**Exercise objective**
From the records below, take each line where the string "pnil" shows up and copy it.

**Material for the task**
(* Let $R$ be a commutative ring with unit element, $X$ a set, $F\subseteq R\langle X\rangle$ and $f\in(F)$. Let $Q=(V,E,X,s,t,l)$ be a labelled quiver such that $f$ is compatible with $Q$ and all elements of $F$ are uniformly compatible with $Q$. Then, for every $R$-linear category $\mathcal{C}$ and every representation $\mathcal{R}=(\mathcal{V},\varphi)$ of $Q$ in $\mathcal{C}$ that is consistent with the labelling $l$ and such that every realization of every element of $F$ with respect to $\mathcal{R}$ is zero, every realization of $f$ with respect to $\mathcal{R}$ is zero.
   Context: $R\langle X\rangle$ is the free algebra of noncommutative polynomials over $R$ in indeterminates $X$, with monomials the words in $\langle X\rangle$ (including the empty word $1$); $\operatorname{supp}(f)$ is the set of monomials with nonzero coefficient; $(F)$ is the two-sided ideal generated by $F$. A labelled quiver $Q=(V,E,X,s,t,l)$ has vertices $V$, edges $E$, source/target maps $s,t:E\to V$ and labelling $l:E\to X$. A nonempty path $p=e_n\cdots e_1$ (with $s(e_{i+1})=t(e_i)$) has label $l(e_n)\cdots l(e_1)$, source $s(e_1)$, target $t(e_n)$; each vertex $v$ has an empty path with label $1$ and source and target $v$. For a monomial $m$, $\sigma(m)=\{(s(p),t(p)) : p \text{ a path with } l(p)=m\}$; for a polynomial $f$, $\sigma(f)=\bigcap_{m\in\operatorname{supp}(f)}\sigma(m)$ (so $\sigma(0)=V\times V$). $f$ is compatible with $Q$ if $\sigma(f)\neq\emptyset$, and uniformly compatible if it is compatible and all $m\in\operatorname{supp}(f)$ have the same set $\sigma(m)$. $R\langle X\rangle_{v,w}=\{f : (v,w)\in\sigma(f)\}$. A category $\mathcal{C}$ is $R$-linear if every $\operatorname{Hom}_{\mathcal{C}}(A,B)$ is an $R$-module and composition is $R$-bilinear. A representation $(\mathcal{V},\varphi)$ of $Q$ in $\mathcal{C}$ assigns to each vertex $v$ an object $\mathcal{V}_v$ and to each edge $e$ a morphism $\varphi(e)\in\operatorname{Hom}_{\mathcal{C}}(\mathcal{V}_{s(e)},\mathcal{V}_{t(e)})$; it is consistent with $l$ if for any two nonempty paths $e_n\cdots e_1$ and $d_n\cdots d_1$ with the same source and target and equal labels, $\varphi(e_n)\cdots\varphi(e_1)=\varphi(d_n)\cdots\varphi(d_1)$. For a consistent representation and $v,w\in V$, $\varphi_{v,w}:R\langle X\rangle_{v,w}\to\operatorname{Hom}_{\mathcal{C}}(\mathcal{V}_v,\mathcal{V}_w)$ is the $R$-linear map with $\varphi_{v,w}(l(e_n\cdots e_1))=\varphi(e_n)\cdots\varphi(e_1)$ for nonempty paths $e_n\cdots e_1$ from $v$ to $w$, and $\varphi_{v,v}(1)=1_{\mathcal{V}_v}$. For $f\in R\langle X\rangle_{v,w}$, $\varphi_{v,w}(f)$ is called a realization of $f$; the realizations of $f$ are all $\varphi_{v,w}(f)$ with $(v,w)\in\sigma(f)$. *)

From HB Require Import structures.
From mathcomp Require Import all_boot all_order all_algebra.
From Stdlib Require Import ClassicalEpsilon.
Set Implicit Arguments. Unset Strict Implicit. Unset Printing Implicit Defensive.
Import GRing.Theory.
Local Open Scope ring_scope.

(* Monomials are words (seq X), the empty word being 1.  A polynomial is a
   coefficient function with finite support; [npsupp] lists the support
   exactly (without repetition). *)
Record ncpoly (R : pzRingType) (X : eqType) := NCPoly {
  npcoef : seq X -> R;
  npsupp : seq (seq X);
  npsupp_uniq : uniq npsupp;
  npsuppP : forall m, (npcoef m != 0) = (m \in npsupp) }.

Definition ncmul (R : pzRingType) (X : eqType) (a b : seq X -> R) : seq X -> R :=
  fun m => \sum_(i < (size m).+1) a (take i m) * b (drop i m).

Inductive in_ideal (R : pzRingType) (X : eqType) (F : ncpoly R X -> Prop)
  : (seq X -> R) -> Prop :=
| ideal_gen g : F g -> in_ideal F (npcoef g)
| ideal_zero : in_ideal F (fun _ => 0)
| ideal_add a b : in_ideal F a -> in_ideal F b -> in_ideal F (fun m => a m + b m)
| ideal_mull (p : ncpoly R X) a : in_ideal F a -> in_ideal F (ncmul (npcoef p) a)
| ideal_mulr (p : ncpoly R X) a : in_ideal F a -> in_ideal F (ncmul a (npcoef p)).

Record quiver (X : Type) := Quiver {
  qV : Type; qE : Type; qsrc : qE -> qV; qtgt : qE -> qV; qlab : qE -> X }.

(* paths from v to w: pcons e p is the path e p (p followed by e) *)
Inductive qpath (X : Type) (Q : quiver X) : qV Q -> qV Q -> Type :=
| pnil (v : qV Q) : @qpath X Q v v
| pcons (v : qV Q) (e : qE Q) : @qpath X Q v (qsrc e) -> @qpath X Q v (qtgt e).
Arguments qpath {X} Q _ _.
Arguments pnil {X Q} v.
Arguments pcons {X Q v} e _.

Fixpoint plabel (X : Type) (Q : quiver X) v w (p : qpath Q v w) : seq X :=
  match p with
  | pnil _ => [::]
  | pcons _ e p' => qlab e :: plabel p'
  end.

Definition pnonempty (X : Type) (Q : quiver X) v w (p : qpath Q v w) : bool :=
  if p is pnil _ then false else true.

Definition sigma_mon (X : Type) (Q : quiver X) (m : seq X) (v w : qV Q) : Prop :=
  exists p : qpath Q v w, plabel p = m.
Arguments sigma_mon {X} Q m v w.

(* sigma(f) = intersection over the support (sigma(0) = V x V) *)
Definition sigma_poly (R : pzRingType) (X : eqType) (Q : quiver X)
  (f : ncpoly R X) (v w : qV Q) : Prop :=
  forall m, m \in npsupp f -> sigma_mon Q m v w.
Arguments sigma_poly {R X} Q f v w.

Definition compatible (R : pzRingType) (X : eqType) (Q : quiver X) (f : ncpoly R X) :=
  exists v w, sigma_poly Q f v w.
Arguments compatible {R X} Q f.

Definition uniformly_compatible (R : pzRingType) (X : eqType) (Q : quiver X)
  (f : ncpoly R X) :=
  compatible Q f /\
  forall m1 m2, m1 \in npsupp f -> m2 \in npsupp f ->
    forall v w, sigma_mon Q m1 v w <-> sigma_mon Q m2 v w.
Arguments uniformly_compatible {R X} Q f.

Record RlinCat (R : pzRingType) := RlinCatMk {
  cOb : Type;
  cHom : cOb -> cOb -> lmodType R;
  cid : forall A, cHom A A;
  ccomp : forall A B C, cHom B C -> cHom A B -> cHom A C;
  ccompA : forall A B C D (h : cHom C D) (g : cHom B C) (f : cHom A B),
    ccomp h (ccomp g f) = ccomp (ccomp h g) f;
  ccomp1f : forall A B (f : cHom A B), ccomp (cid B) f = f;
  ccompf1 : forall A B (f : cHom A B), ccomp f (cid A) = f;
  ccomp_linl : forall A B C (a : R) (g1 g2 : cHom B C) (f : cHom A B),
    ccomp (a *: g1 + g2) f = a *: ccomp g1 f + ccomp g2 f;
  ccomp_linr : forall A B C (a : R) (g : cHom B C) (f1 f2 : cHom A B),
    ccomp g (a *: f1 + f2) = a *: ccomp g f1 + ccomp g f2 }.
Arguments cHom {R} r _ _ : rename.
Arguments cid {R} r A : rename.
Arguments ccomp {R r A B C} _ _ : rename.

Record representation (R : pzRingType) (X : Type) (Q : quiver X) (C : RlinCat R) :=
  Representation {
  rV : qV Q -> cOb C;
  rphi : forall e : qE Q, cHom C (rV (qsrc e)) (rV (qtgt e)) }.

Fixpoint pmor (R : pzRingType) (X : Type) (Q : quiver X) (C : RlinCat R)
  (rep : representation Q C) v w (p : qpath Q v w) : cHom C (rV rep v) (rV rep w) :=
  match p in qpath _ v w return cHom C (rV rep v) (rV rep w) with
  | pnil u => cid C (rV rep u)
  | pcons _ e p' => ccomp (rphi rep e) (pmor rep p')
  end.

**Answer**
| pnil (v : qV Q) : @qpath X Q v v
Arguments pnil {X Q} v.
  | pnil _ => [::]
  if p is pnil _ then false else true.
  | pnil u => cid C (rV rep u)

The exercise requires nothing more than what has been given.